Действие проявилось незамедлительно и неожиданно.

— Извини меня, Петр, — проговорил Джованни после нескольких минут езды в полном молчании.

— За что мне тебя извинять? — спросил Петр.

— Я так глупо выразился в ответ на твои наставления о странствиях, дескать, я — Гамбарини.

— Но разве ты не Гамбарини? — спросил Петр.

— Я Гамбарини, но это было бестактно, понимаешь? — продолжал Джованни. — Мой падре никогда бы не позволил себе ничего подобного по отношению к человеку более низкого происхождения.

Каррамба, мелькнуло в голове у Петра.

— Главное — у нас снова есть деньги, — продолжал Джованни. — Хотя это лишь мизерная часть тех ценностей, которых мы лишились. Одна «Мона Лиза» стоила больше мешка золота. Или слуги бессмысленно и задешево спустили наше состояние, или Иоганн украл у них не все.

«По крайней мере, он признает мои заслуги и рассуждает об этих деньгах так, будто они принадлежат нам обоим», — подумал Петр.

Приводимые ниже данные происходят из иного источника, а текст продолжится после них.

Lemma walk_le_half x y : I x -> I y -> exists2 k, k <= N %/ 2 & walk_in I x y k.
Proof.
move=> Ix Iy; case: (pickP [pred t : 'I_m.+1 | phi x t == phi y t]) => [t /eqP xy | apart].
  exists (l1dist m (phi x) (phi y)); last exact: walk_l1dist.
  have := l1dist_meet (stair x) (stair y) (ltn_ord t : t <= m) xy.
  by have := leq_mul2r m.+1 m n; rewrite m_le_n orbT; lia.
have {}apart t : t <= m -> phi x t != phi y t.
  by move=> tm; have := apart (Ordinal (tm : t < m.+1)); rewrite /= => ->.
have [yx|xy|] := ltngtP (phi y 0) (phi x 0); last by move/esym/eqP; rewrite (negbTE (apart 0 _)).
  exact: walk_le_half_apart (staircase_apart_lt (stair x) (stair y) apart yx).
have yx t : t <= m -> phi y t != phi x t by rewrite eq_sym; apply: apart.
have [k k_le yx_walk] := walk_le_half_apart Iy Ix (staircase_apart_lt (stair y) (stair x) yx xy).
by exists k => //; apply: walk_rev yx_walk.
Qed.

Lemma area_walk_from_bottom z y k : eqon m (phi z) (fun=> 0) -> walk_in I z y k ->
  area m (phi y) <= k \/ N <= area m (phi y) + k.
Proof.
move=> z0; elim: k y => [|k IH] y.
  by case=> p [/size0nil -> _ /= <- _]; left; rewrite (area_eqon z0) area0.
case/walk_last_step=> x [zx Ix xy Iy]; have N_gt0 : 0 < N by rewrite muln_gt0 n_gt0.
by have := IH x zx; case: (area_adj Ix Iy xy); lia.
Qed.

Theorem diameter_capped : induced_diam_eq I (N %/ 2).
Proof.
split=> [x y Ix Iy|]; first exact: walk_le_half.
have [z Iz z0] := vertex_of (staircase0 m n_gt0) (@capped0 n m).
have N_gt0 : 0 < N by rewrite muln_gt0 n_gt0.
have [g [sg cg ag]] := @staircase_of_area n m (N %/ 2) (ltn_Pdiv (isT : 1 < 2) N_gt0).
have [y Iy yg] := vertex_of sg cg.
exists z, y; split=> // k /(area_walk_from_bottom z0).
by rewrite (area_eqon yg) ag; lia.
Qed.

End Diameter.

Section PartialSums.
Variables n m : nat.
Local Notation V := (yvert n m).

Definition partial_sum (v : V) t := v.1 + count id (take t v.2).

Lemma partial_sum0 v : partial_sum v 0 = v.1.
Proof. by rewrite /partial_sum take0 addn0. Qed.

Lemma partial_sumS v t : t < m -> partial_sum v t.+1 = partial_sum v t + nth false v.2 t.
Proof.
move=> tm; rewrite /partial_sum (take_nth false) ?size_tuple // -cats1 count_cat /= addn0.
by rewrite addnA; case: (nth false v.2 t).
Qed.

Lemma staircase_partial_sum v : staircase n m (partial_sum v).
Proof.
split=> [|t tm]; first by rewrite partial_sum0.
by rewrite partial_sumS //; case: (nth false v.2 t) => /=; [right | left]; lia.
Qed.

Lemma partial_sum_onto g : staircase n m g -> exists v, eqon m (partial_sum v) g.
Proof.
case=> g0 gS; pose s := [seq g t.+1 != g t | t <- iota 0 m].
have size_s : size s == m by rewrite size_map size_iota.
exists (Ordinal g0, Tuple size_s); elim=> [|t IH] tm; first by rewrite partial_sum0.
rewrite partial_sumS // IH ?(ltnW tm) //= (nth_map 0) ?size_iota // nth_iota //=.
by case: (gS t tm) => ->; rewrite ?eqxx ?addn0 // (_ : (g t).+1 != g t) ?addn1 //; lia.
Qed.

Lemma partial_sum_inj u v : eqon m (partial_sum u) (partial_sum v) -> u = v.
Proof.
move=> uv; case: u v uv => [u1 u2] [v1 v2] uv.
have e1 : u1 = v1 by apply: val_inj; have := uv 0 (leq0n _); rewrite !partial_sum0.
have e2 : u2 = v2.
  apply/val_inj/(@eq_from_nth _ false); first by rewrite !size_tuple.
  move=> i; rewrite size_tuple => im; have := uv i.+1 im.
  rewrite !partial_sumS // uv ?(ltnW im) //.
  by case: (nth false u2 i); case: (nth false v2 i); lia.
by rewrite e1 e2.
Qed.

Lemma yent_partial_sum (v : V) j : 0 < j <= m ->
  yent v j = ((partial_sum v j)%:Z - (partial_sum v j.-1)%:Z)%R.
Proof.
case: j => [|j] //= jm; rewrite /yent /= jm partial_sumS //.
by case: (nth false v.2 j) => /=; lia.
Qed.

Lemma yent_last (v : V) : yent v m.+1 = ylast v.
Proof. by rewrite /yent /= ltnn. Qed.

Добравшись до Инсбрука, города чистого и богатого как по внешнему виду, так и по сути, в котором находились резиденция эрцгерцога, сейм и парламент австрийских земель, молодые люди поселились в лучшем номере лучшей гостиницы и три дня велели потчевать себя лучшими яствами и лучшими винами, чтоб опомниться от пережитых невзгод, разгуливали по заповеднику, где содержались серны, лани и прелестные небольшие медведи, бравшие пищу прямо из рук; а тем временем лучшие портные города лучшими нитками готовили для них новехонькую, с иголочки, экипировку из лучшего сукна, поскольку Джованни настаивал на том, чтоб явиться пред светлые очи доброго дядюшки Танкреда в нарядах, подобающих юному графу Гамбарини и его компаньону и защитнику; на четвертый день на самых лучших конях благородной мадьярской породы, которых только можно было достать в Инсбруке, они выступили из города. Коня Иоганна — он был норовист и к тому же припадал на заднюю левую ногу — Джованни продал мяснику.

Неподалеку от границ Венецианской республики их поджидал еще один чудовищно неприятный сюрприз, Бог даст последний, ибо на родной Джованни земле Италии наверняка все пойдет гладко и без помех. Они ехали глубоким лесистым ущельем, как вдруг, откуда ни возьмись, на них накинулась орда маленьких, смуглых, орущих человечков, так что путники уж решили было, что снова попали в лапы к разбойникам; однако предводитель или начальник этих молодцов, мужчина пристойной наружности, так называемый подеста, растолковал им, что это — не нападение, а таможенный досмотр, им нужно проверить, не везут ли путники вино или спирт, кремни в чрезмерном количестве, шелк-сырец или сукно и не едут ли из мест, застигнутых чумой. Когда они по правде и по совести ответили, что ничего подобного у них нет и в помине и что исходным пунктом их путешествия была чешская земля, где уже несколько лет не случалось никакого мора, подеста поклонился и, не вполне понятно почему, поцеловал кончики пальцев на своей правой руке.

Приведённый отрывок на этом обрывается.